A (broad): 2a has a fragment of the torso of a frontal figure with a very simplified stylised robe and arms expressed as boneless curves holding a book in front of his body. A very worn cable-moulded edge survives on the right. 2b is quite battered. It has cable moulding on both edges, and between them again the torso of a frontal figure expressed as very stylised looping curves, almost like a very squeezed key pattern. Below is part of a long plain under-robe. 2c has the lower part of a Weland scene as on Leeds 1Ciii (Ill. 485), in fact supplying some of the missing detail from the bottom centre of that scene (Ill. 487). The upper part of the scene with the woman is completely missing. A cable moulding survives on the right.
B (narrow): 2a and 2b have cable mouldings on both edges; 2c is not complete in width and has the cable moulding only on the left-hand edge.
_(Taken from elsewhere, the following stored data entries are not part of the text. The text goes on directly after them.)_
(* Let $\mathscr{P}^{S_5}_\bullet$ be the group-action model associated with the Petersen graph, and let $\mathscr{Q}_\bullet$ be the family generated by $\mathscr{P}^{S_5}_2\cup\{\mathrm{GHZ}\}$. Then $\mathscr{Q}_\bullet=\mathscr{P}^{S_5}_\bullet$ if and only if the transposition $R$ belongs to $\mathscr{Q}_4$.
   Context: The Petersen graph $\Gamma$ is the Kneser graph $KG_{5,2}$: vertex set $V_\Gamma$ = the $2$-element subsets of $\{1,\dots,5\}$, adjacency = disjointness. Let $W=\mathbb{C}^{V_\Gamma}$ with basis $(e_v)_{v\in V_\Gamma}$; $S_5$ acts by $\pi\cdot e_{\{a,b\}}=e_{\{\pi(a),\pi(b)\}}$ and diagonally on $W^{\otimes n}$. Set $\mathscr{P}_0=\mathbb{C}$, $\mathscr{P}_n=W^{\otimes n}$, and $\mathscr{P}^{S_5}_n$ = the $S_5$-fixed vectors of $\mathscr{P}_n$. $\mathrm{GHZ}=\sum_{v}e_v\otimes e_v\otimes e_v$, $R=\sum_{u,v}e_u\otimes e_v\otimes e_u\otimes e_v$. Operations: tensor product; contraction $C_{k,k+1}:\mathscr{P}_n\to\mathscr{P}_{n-2}$, $C_{k,k+1}(e_{v_1}\otimes\cdots\otimes e_{v_n})=\delta_{v_k,v_{k+1}}e_{v_1}\otimes\cdots\otimes\widehat{e_{v_k}}\otimes\widehat{e_{v_{k+1}}}\otimes\cdots\otimes e_{v_n}$; rotation $\rho(e_{v_1}\otimes\cdots\otimes e_{v_n})=e_{v_2}\otimes\cdots\otimes e_{v_n}\otimes e_{v_1}$. The family generated by a set $X$ of tensors is the smallest family $(\mathscr{Q}_n)_{n\ge0}$ of linear subspaces $\mathscr{Q}_n\subseteq\mathscr{P}_n$ containing $X$, with $1\in\mathscr{Q}_0$, closed under tensor product, all contractions $C_{k,k+1}$, and rotation. *)

From HB Require Import structures.
From mathcomp Require Import all_boot all_order all_algebra all_fingroup.
Set Implicit Arguments. Unset Strict Implicit. Unset Printing Implicit Defensive.
Import GRing.Theory Num.Theory.
Local Open Scope ring_scope.

(* Vertices of the Petersen graph KG_{5,2}: 2-element subsets of {0,..,4}
   (the paper's {1,..,5}, shifted). *)
Definition Vtx : finType := {A : {set 'I_5} | #|A| == 2%N}.

(* S_5 acts on vertices: pi . {a,b} = {pi a, pi b}.  The image always has
   cardinality 2, so the default of insubd is never used. *)
Definition actV (pi : {perm 'I_5}) (v : Vtx) : Vtx :=
  insubd v (pi @: val v).

Section Tensors.
Variable F : numClosedFieldType.

(* P_n = W^{(x) n}, a tensor is given by its coordinates on the basis
   e_{v_1} (x) ... (x) e_{v_n}, indexed by words of length n. *)
Definition tensor (n : nat) := {ffun n.-tuple Vtx -> F}.

Definition tunit : tensor 0 := [ffun _ => 1].

Definition tprod n m (s : tensor n) (t : tensor m) : tensor (n + m) :=
  [ffun w : (n + m).-tuple Vtx =>
     s [tuple tnth w (lshift m i) | i < n] * t [tuple tnth w (rshift n j) | j < m]].

(* contraction C_{k+1,k+2} (0-indexed positions k, k+1) : P_{n+2} -> P_n,
   for k <= n *)
Definition contr n (k : nat) (t : tensor n.+2) : tensor n :=
  [ffun w : n.-tuple Vtx =>
     \sum_(u : Vtx) t [tuple nth u (take k w ++ u :: u :: drop k w) i | i < n.+2]].

(* rotation rho(e_{v1}..e_{vn}) = e_{v2}..e_{vn} e_{v1};
   coordinatewise (rho t)(w) = t(rotr 1 w). *)
Definition rot n (t : tensor n) : tensor n :=
  [ffun w : n.-tuple Vtx => t [tuple of rotr 1 w]].

Definition fixedS5 n (t : tensor n) : Prop :=
  forall (pi : {perm 'I_5}) (w : n.-tuple Vtx),
    t [tuple of map (actV pi) w] = t w.

Definition GHZ : tensor 3 :=
  [ffun w : 3.-tuple Vtx =>
     ((tnth w (@Ordinal 3 0 isT) == tnth w (@Ordinal 3 1 isT)) &&
      (tnth w (@Ordinal 3 1 isT) == tnth w (@Ordinal 3 2 isT)))%:R].

Definition Rtr : tensor 4 :=
  [ffun w : 4.-tuple Vtx =>
     ((tnth w (@Ordinal 4 0 isT) == tnth w (@Ordinal 4 2 isT)) &&
      (tnth w (@Ordinal 4 1 isT) == tnth w (@Ordinal 4 3 isT)))%:R].

Record closed_family (Q : forall n, tensor n -> Prop) : Prop := {
  fam_0 : forall n, Q n 0;
  fam_add : forall n (s t : tensor n), Q n s -> Q n t -> Q n (s + t);
  fam_scale : forall n (c : F) (t : tensor n), Q n t -> Q n [ffun w => c * t w];
  fam_unit : Q 0 tunit;
  fam_prod : forall n m (s : tensor n) (t : tensor m),
      Q n s -> Q m t -> Q (n + m)%N (tprod s t);
  fam_contr : forall n k (t : tensor n.+2),
      (k <= n)%N -> Q n.+2 t -> Q n (contr k t);
  fam_rot : forall n (t : tensor n), Q n t -> Q n (rot t)
}.

Definition genQ n (t : tensor n) : Prop :=
  forall Q : forall m, tensor m -> Prop,
    closed_family Q ->
    (forall s : tensor 2, fixedS5 s -> Q 2%N s) ->
    Q 3%N GHZ ->
    Q n t.

End Tensors.

(* (=>) R is S_5-invariant, so if the generated family is P^{S_5} then it
   contains R.  The S_5-invariant tensors form a closed family containing
   P^{S_5}_2 and GHZ, so the generated family is always inside P^{S_5}.

   (<=) Let Q be a closed family containing P^{S_5}_2, GHZ and R.
   1. Contracting against R swaps two legs, against GHZ merges two legs, and
      the all-ones vector (a contraction of GHZ) adds a free leg.  With
      rotations these generate every re-indexing f |-> f o phi^* along a map
      phi : [m] -> [n]; in particular Q is closed under pointwise products and
      contains every invariant function of two letters, placed on any two
      legs of a word.
   2. Petersen combinatorics (checked by computation on an enumeration of the
      ten vertices): for the base triple b = ({0,1},{0,2},{0,3}),
        S(z) = [z pairwise at distance 2] (1 - #common neighbours of z)
      counts the permutations mapping b to z, and every vertex y is determined
      by its distances to b_1, b_2, b_3.
   3. Hence Y_x(y) = sum_z S(z) prod_j [d(z_k,y_j) = d(b_k,x_j) for k=1,2,3]
      counts the permutations mapping the word x to y, and lies in Q by 1.
      An invariant t equals (1/120) sum_x t(x) Y_x, so t lies in Q. *)

From Pilot Require Import Defs.
From HB Require Import structures.
From mathcomp Require Import all_boot all_order all_algebra all_fingroup.
From mathcomp Require Import zify.
Set Implicit Arguments. Unset Strict Implicit. Unset Printing Implicit Defensive.
Import GRing.Theory Num.Theory.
It is battered but shows a section of the plain area from the foot of the shaft. The two upper fragments have short runs of a three-cord twist, and 2c credibly has part of the Stafford Knot (simple pattern E) termination of the plait.
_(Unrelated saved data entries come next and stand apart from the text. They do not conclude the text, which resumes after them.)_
(* Let $\rho:\mathbb{Z}\to[0,\infty)$ be a weight with finite moments, and let $f,g$ be polynomials with $\deg f\le2$, $\deg g\le1$, satisfying $f(x+1)\rho(x+1)-f(x)\rho(x)=g(x)\rho(x)$ for all $x\in\mathbb{Z}$, with $\rho(x)f(x)$ vanishing at the end points of the support of $\rho$. Let $\{p_n\}_{n\ge0}$ be the monic orthogonal polynomials for $\rho$, $\sum_{x}p_mp_n\rho=h_n\delta_{n,m}$, $h_n>0$, let $\mathcal{A}_{\rm l}=g(x)T+f(x)(\Delta+\nabla)$ and let $c_n:=-\sum_{x\in\mathbb{Z}}p_{n+1}(x)(\mathcal{A}_{\rm l}p_n)(x)\rho(x)$. Put $\omega(x)=f(x+1)\rho(x+1)$ and $\langle\phi,\psi\rangle_{s,\omega}=\sum_{x\in\mathbb{Z}}[\phi(x)\psi(x+1)-\phi(x+1)\psi(x)]\omega(x)$, and assume the Pfaffians $\tau_{2n}=\mathrm{Pf}[\langle x^i,x^j\rangle_{s,\omega}]_{i,j=0}^{2n-1}$ are nonzero for all $n\ge1$. Then the polynomials $$Q_{2n+1}(x)=p_{2n+1}(x),\qquad Q_{2n}(x)=\sum_{l=0}^{n}\Big(\prod_{j=l}^{n-1}\frac{c_{2j+1}}{c_{2j}}\Big)p_{2l}(x)$$ (which, when all $c_{2j+1}\neq0$, equals $\big(\prod_{j=0}^{n-1}\frac{c_{2j+1}}{c_{2j}}\big)\sum_{l=0}^{n}\prod_{j=0}^{l-1}\frac{c_{2j}}{c_{2j+1}}p_{2l}(x)$) are monic skew orthogonal polynomials for $\langle\cdot,\cdot\rangle_{s,\omega}$, i.e. $\langle Q_{2n},Q_{2m+1}\rangle_{s,\omega}=-\langle Q_{2m+1},Q_{2n}\rangle_{s,\omega}=u_n\delta_{n,m}$ and $\langle Q_{2m},Q_{2n}\rangle_{s,\omega}=\langle Q_{2m+1},Q_{2n+1}\rangle_{s,\omega}=0$, with normalisation $u_n=c_{2n}$.
   Context: $T\phi(x)=\phi(x+1)$, $\Delta\phi(x)=\phi(x+1)-\phi(x)$, $\nabla\phi(x)=\phi(x)-\phi(x-1)$. Skew orthogonal polynomials are monic, $\deg Q_k=k$, and are unique only up to $Q_{2m+1}\mapsto Q_{2m+1}+\gamma_{2m}Q_{2m}$. It is a fact (from the paper) that $\mathcal{A}_{\rm l}p_n=-\frac{c_n}{h_{n+1}}p_{n+1}+\frac{c_{n-1}}{h_{n-1}}p_{n-1}$. *)

From HB Require Import structures.
From mathcomp Require Import all_boot all_order all_algebra perm.
From mathcomp Require Import all_classical all_reals all_analysis.
Set Implicit Arguments. Unset Strict Implicit. Unset Printing Implicit Defensive.
Import Order.TTheory GRing.Theory Num.Theory.
Import numFieldNormedType.Exports.
Local Open Scope ring_scope.

Section Defs.
Variable R : realType.

Definition pev (p : {poly R}) (x : int) : R := p.[x%:~R].

Definition zpartial (a : int -> R) (N : nat) : R :=
  \sum_(i < (N.*2).+1) a (i%:Z - N%:Z).
Definition zsum (a : int -> R) : R := limn (zpartial a).

Definition weight_finite_moments (rho : int -> R) : Prop :=
  (forall x, 0 <= rho x) /\
  forall k : nat,
    cvgn (series (fun n : nat => n%:R ^+ k * (rho n%:Z + rho (- n%:Z)))).

Definition Al (f g p : {poly R}) (x : int) : R :=
  pev g x * pev p (x + 1) + pev f x * (pev p (x + 1) - pev p (x - 1)).

Definition omega (f : {poly R}) (rho : int -> R) (x : int) : R :=
  pev f (x + 1) * rho (x + 1).

Definition skew_s (f : {poly R}) (rho : int -> R) (phi psi : {poly R}) : R :=
  zsum (fun x => (pev phi x * pev psi (x + 1) - pev phi (x + 1) * pev psi x)
                  * omega f rho x).

Lemma pf_lt_even n (i : 'I_n) : (i.*2 < n.*2)%N.
Proof. by rewrite ltn_double. Qed.
Lemma pf_lt_odd n (i : 'I_n) : ((i.*2).+1 < n.*2)%N.
Proof. by rewrite -doubleS leq_double. Qed.

Definition pfaffian (n : nat) (A : 'M[R]_(n.*2)) : R :=
  ((2 ^ n * n`!)%:R)^-1 *
  \sum_(s : 'S_(n.*2))
     (-1) ^+ s * \prod_(i < n) A (s (Ordinal (pf_lt_even i)))
                                 (s (Ordinal (pf_lt_odd i))).

Definition tau (f : {poly R}) (rho : int -> R) (n : nat) : R :=
  pfaffian (\matrix_(i < n.*2, j < n.*2) skew_s f rho 'X^i 'X^j).

Definition cc (f g : {poly R}) (rho : int -> R) (p : nat -> {poly R}) (n : nat) : R :=
  - zsum (fun x => pev (p n.+1) x * Al f g (p n) x * rho x).

Definition Qpoly (f g : {poly R}) (rho : int -> R) (p : nat -> {poly R}) (k : nat)
  : {poly R} :=
  if odd k then p k
  else \sum_(0 <= l < (k./2).+1)
         (\prod_(l <= j < k./2) (cc f g rho p (j.*2).+1 / cc f g rho p j.*2))
         *: p l.*2.

End Defs.

From HB Require Import structures.
From mathcomp Require Import all_boot all_order all_algebra perm.
From mathcomp Require Import all_classical all_reals all_analysis.
From mathcomp Require Import zify ring lra.
Set Implicit Arguments. Unset Strict Implicit. Unset Printing Implicit Defensive.
Import Order.TTheory GRing.Theory Num.Theory.
Import numFieldNormedType.Exports.
Local Open Scope ring_scope.

(* Finite moments make [q |-> sum_x q(x) rho(x)] a linear functional on polynomials.
   Summation by parts and the Pearson equation (f rho)(x+1) - (f rho)(x) = g(x) rho(x)
   turn the skew form into <phi, psi>_{s,omega} = sum_x phi(x) (A_l psi)(x) rho(x), and
   A_l raises degrees by at most one, so by orthogonality the skew Gram matrix of the
   p_n is tridiagonal with <p_n, p_{n+1}> = c_n.  If c_{2m} vanished, p_{2m+1} would be
   skew-orthogonal to every polynomial of degree at most 2m+1; substituting it for
   x^{2m+1} in the monomial Gram matrix then kills the Pfaffian tau_{2m+2}.  With all
   c_{2m} nonzero, the coefficients of Q_{2n} make <Q_{2n}, p_{2m+1}> telescope to
   c_{2n} delta_{nm}, while pairs of equal parity are skew-orthogonal by tridiagonality. *)

Section ZSums.
Variable R : realType.
Implicit Types a b : int -> R.

Lemma zpartial0 a : zpartial a 0 = a 0.
Proof. by rewrite /zpartial big_ord1. Qed.

Lemma zpartialS a N :
  zpartial a N.+1 = a (- (N.+1)%:Z) + zpartial a N + a (N.+1)%:Z.
Proof.
rewrite /zpartial doubleS big_ord_recl big_ord_recr /= -addrA sub0r.
by congr (_ + (_ + a _)); [apply: eq_bigr => i _; congr (a _)|]; rewrite /bump /=; lia.
Qed.

Lemma zpartialD a b N : zpartial (a \+ b) N = zpartial a N + zpartial b N.
Proof. exact: big_split. Qed.

Lemma zpartialZ c a N : zpartial (fun x => c * a x) N = c * zpartial a N.
Proof. by rewrite /zpartial mulr_sumr. Qed.

Lemma ler_zpartial a b N : (forall x, a x <= b x) -> zpartial a N <= zpartial b N.
Proof. by move=> le_ab; apply: ler_sum => i _. Qed.

Lemma zpartial_shift a N :
  zpartial (fun x => a (x + 1)) N = zpartial a N + (a (N.+1)%:Z - a (- N%:Z)).
Proof.
elim: N => [|N IH]; first by rewrite !zpartial0 oppr0; ring.
rewrite !zpartialS IH.
have -> : (- (N.+1)%:Z + 1 = - N%:Z)%R by lia.
have -> : ((N.+1)%:Z + 1 = (N.+2)%:Z)%R by lia.
ring.
Qed.

Lemma is_cvg_zpartial_ge0 a B : (forall x, 0 <= a x) ->
  (forall N, zpartial a N <= B) -> cvgn (zpartial a).
Proof.
move=> a_ge0 le_B; apply: nondecreasing_is_cvgn; last by exists B => _ [N _ <-].
apply/nondecreasing_seqP => N; rewrite zpartialS.
by have := a_ge0 (- (N.+1)%:Z); have := a_ge0 (N.+1)%:Z; lra.
Qed.

Definition zsummable a := exists B, forall N, zpartial (fun x => `|a x|) N <= B.

Lemma zsummable_cvg a : zsummable a -> cvgn (zpartial a).
Proof.
move=> [B le_B].
have -> : zpartial a = zpartial (fun x => a x + `|a x|) - zpartial (fun x => `|a x|).
  by apply/funext => N; rewrite !fctE zpartialD addrK.
have abs_ge0 x : 0 <= a x + `|a x| by rewrite -lerBlDr sub0r; apply: lerNnormlW.
apply: is_cvgB; last exact: is_cvg_zpartial_ge0 le_B.
apply: (@is_cvg_zpartial_ge0 _ (B + B)) => // N; rewrite zpartialD lerD //.
by apply: le_trans (le_B N); apply: ler_zpartial => x; apply: ler_norm.
Qed.

Lemma zsummableD a b : zsummable a -> zsummable b -> zsummable (a \+ b).
Proof.
move=> [A le_A] [B le_B]; exists (A + B) => N; apply: le_trans (lerD (le_A N) (le_B N)).
by rewrite -zpartialD; apply: ler_zpartial => x; apply: ler_normD.
Qed.

Lemma zsummableZ c a : zsummable a -> zsummable (fun x => c * a x).
Proof.
move=> [B le_B]; exists (`|c| * B) => N.
rewrite (_ : (fun x => _) = fun x => `|c| * `|a x|); last by apply/funext=> x; rewrite normrM.
by rewrite zpartialZ ler_wpM2l.
Qed.

Lemma zsummable_sum (I : Type) (r : seq I) (F : I -> int -> R) :
  (forall i, zsummable (F i)) -> zsummable (fun x => \sum_(i <- r) F i x).
Proof.
move=> sF; elim: r => [|i r IH].
  by exists 0 => N; rewrite /zpartial big1 // => j _; rewrite big_nil normr0.
rewrite (_ : (fun x => _) = F i \+ fun x => \sum_(j <- r) F j x); first exact: zsummableD.
by apply/funext => x; rewrite big_cons.
Qed.

Lemma zsumD a b : zsummable a -> zsummable b -> zsum (a \+ b) = zsum a + zsum b.
Proof.
move=> sa sb; rewrite /zsum.
have -> : zpartial (a \+ b) = zpartial a + zpartial b by apply/funext => N; apply: zpartialD.
by apply: limD; apply: zsummable_cvg.
Qed.

Lemma zsumZ c a : zsummable a -> zsum (fun x => c * a x) = c * zsum a.
Proof.
move=> sa; rewrite /zsum.
have -> : zpartial (fun x => c * a x) = c *: zpartial a by apply/funext => N; apply: zpartialZ.
by apply: limZl_tmp; apply: zsummable_cvg.
Qed.

(* The tail terms are increments of the convergent sequence of partial sums of [|a|]. *)
Lemma zsummable_cvg0 a : zsummable a ->
  (a N%:Z @[N --> \oo] --> 0)%classic /\ (a (- N%:Z) @[N --> \oo] --> 0)%classic.
Proof.
move=> [B le_B].
set S := zpartial (fun x => `|a x|).
have cS : cvgn S by apply: (is_cvg_zpartial_ge0 _ le_B).
have dS : (S N.+1 - S N @[N --> \oo] --> (0 : R))%classic.
  by rewrite -(subrr (limn S)); apply: cvgB => //; rewrite cvg_shiftS.
have tail (u : nat -> int) : (forall N, `|a (u N.+1)| <= S N.+1 - S N) ->
    (a (u N) @[N --> \oo] --> 0)%classic.
  move=> le_u; apply: norm_cvg0; rewrite -cvg_shiftS /=.
  apply: (squeeze_cvgr _ (cvg_cst 0) dS); apply: nearW => N.
  by rewrite normr_ge0 le_u.
split; apply: tail => N; rewrite /S zpartialS addrAC addrK.
  by rewrite lerDr.
by rewrite lerDl.
Qed.

Lemma zsum_shift a : zsummable a -> zsum (fun x => a (x + 1)) = zsum a.
Proof.
move=> sa; have [tail_pos tail_neg] := zsummable_cvg0 sa.
have ends0 : (a (N.+1)%:Z - a (- N%:Z) @[N --> \oo] --> (0 : R))%classic.
  by rewrite -(subr0 0); apply: cvgB => //; rewrite (cvg_shiftS (fun N => a N%:Z)).
rewrite /zsum.
have -> : zpartial (fun x => a (x + 1)) = zpartial a + fun N => a (N.+1)%:Z - a (- N%:Z).
  by apply/funext => N; rewrite zpartial_shift.
by rewrite limD ?(cvg_lim _ ends0) ?addr0 //; apply: zsummable_cvg.
Qed.

End ZSums.

Section LinearFunctional.
Variables (R : pzRingType) (V : lmodType R) (F : V -> R).
Hypothesis F_linear : forall a u v, F (a *: u + v) = a * F u + F v.

Lemma linear_fun0 : F 0 = 0.
Proof.
by have := F_linear 1 0 0; rewrite scale1r addr0 mul1r -{1}[F 0]addr0 => /addrI.
Qed.

Lemma linear_funB u v : F (u - v) = F u - F v.
Proof. by rewrite -scaleN1r addrC F_linear mulN1r addrC. Qed.

Lemma linear_fun_lincomb (I : Type) (r : seq I) (c : I -> R) (v : I -> V) :
  F (\sum_(i <- r) c i *: v i) = \sum_(i <- r) c i * F (v i).
Proof.
elim: r => [|i r IH]; first by rewrite !big_nil linear_fun0.
by rewrite !big_cons F_linear IH.
Qed.

End LinearFunctional.

Lemma size_polyB_eq_lead (R : nzRingType) (p q : {poly R}) :
  size p = size q -> lead_coef p = lead_coef q -> (size (p - q)%R <= (size p).-1)%N.
Proof.
move=> eq_size eq_lead; apply/leq_sizeP => j le_j; rewrite coefB.
have [->|ne_j] := eqVneq j (size p).-1.
  by rewrite -lead_coefE eq_size -lead_coefE eq_lead subrr.
have lt_j : (size p <= j)%N by move: le_j ne_j; case: (size p) => //= n; lia.
by rewrite !nth_default ?subrr // -eq_size.
Qed.

Section PolyShift.
Variable R : idomainType.
Implicit Types q : {poly R}.

Definition shiftp (z : int) q := q \Po ('X + (z%:~R)%:P).

Lemma horner_shiftp z q x : (shiftp z q).[x] = q.[x + z%:~R].
Proof. by rewrite horner_comp !hornerE. Qed.

Lemma shiftpK z : cancel (shiftp z) (shiftp (- z)).
Proof. by move=> q; rewrite /shiftp mulrNz polyCN comp_polyXaddC_K. Qed.

Lemma shiftpM z q1 q2 : shiftp z (q1 * q2) = shiftp z q1 * shiftp z q2.
Proof. exact: comp_polyM. Qed.

Lemma shiftpB z q1 q2 : shiftp z (q1 - q2) = shiftp z q1 - shiftp z q2.
Proof. exact: raddfB. Qed.

Lemma shiftpN z q : shiftp z (- q) = - shiftp z q.
Proof. exact: raddfN. Qed.

Lemma size_shiftp z q : size (shiftp z q) = size q.
Proof. by rewrite size_comp_poly2 // size_XaddC. Qed.

Lemma lead_coef_shiftp z q : lead_coef (shiftp z q) = lead_coef q.
Proof. by rewrite lead_coef_comp ?size_XaddC // lead_coefXaddC expr1n mulr1. Qed.

Lemma size_shiftpB z w q : (size (shiftp z q - shiftp w q)%R <= (size q).-1)%N.
Proof.
rewrite -(size_shiftp z q) size_polyB_eq_lead //.
  by rewrite !size_shiftp.
by rewrite !lead_coef_shiftp.
Qed.

End PolyShift.

Lemma pev_shiftp (R : realType) (z : int) (q : {poly R}) x :
  pev (shiftp z q) x = pev q (x + z).
Proof. by rewrite /pev horner_shiftp intrD. Qed.

Section WeightedSums.
Variables (R : realType) (rho : int -> R).
Hypothesis rho_moments : weight_finite_moments rho.

Lemma zpartial_moment_le k N :
  zpartial (fun x => `|x%:~R ^+ k * rho x|) N <=
  series (fun n : nat => n%:R ^+ k * (rho n%:Z + rho (- n%:Z))) N.+1.
Proof.
have rho_ge0 := rho_moments.1.
elim: N => [|N IH].
  rewrite zpartial0 seriesSr /series /= big_geq // add0r normrM normrX.
  rewrite (ger0_norm (rho_ge0 _)) oppr0 /= mulr0z normr0.
  by rewrite ler_wpM2l ?exprn_ge0 // lerDl.
rewrite zpartialS seriesSr.
rewrite !normrM !normrX !(ger0_norm (rho_ge0 _)) mulrNz normrN -!pmulrn.
by rewrite (ger0_norm (ler0n _ _)) mulrDr; lra.
Qed.

Lemma zsummable_moment k : zsummable (fun x => x%:~R ^+ k * rho x).
Proof.
set u := series (fun n : nat => n%:R ^+ k * (rho n%:Z + rho (- n%:Z))).
have u_nd : nondecreasing_seq u.
  apply/nondecreasing_seqP => n; rewrite /u seriesSr lerDl.
  by rewrite mulr_ge0 ?exprn_ge0 ?addr_ge0 //; apply: rho_moments.1.
exists (limn u) => N; apply: le_trans (zpartial_moment_le k N) _.
exact: nondecreasing_cvgn_le u_nd (rho_moments.2 k) _.
Qed.

Lemma zsummable_poly (q : {poly R}) : zsummable (fun x => pev q x * rho x).
Proof.
have -> : (fun x => pev q x * rho x) =
          fun x => \sum_(i < size q) q`_i * (x%:~R ^+ i * rho x).
  by apply/funext => x; rewrite /pev horner_coef mulr_suml; apply: eq_bigr => i _; rewrite mulrA.
by apply: zsummable_sum => i; apply/zsummableZ/zsummable_moment.
Qed.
C (broad): 2a and 2c show evidence that this face had a run of ring-knots (turned pattern C with added diagonal), that on 2c showing the termination of the pattern as a simple joining of the strands from the lowest knot. 2b has evidence of strands which could belong to the glide between knots. 2a has worn cable edging on the left, 2b and 2c on the right.
D (narrow): Missing on 2a; 2b has a fragment of three-cord plait identical with face B, but 2c appears to show it had animal-head terminals. The head in the bottom left corner has a round incised eye and a stubby snout-like jaw.
These fragments are more stylised than Leeds 1 but are clearly related to it. Lang (1976a, 91–2, figs. 7a–b) used the lowest section on face A to reconstruct the design on Leeds 1, face C. It is not impossible that these three fragments belong together, as Collingwood believed, and a similar programme including frontal figures in panels is suggested. The simpler patterns on the sides and the appearance of runs of interlace without plant-scroll suggest a simplification of the programme on Leeds 1.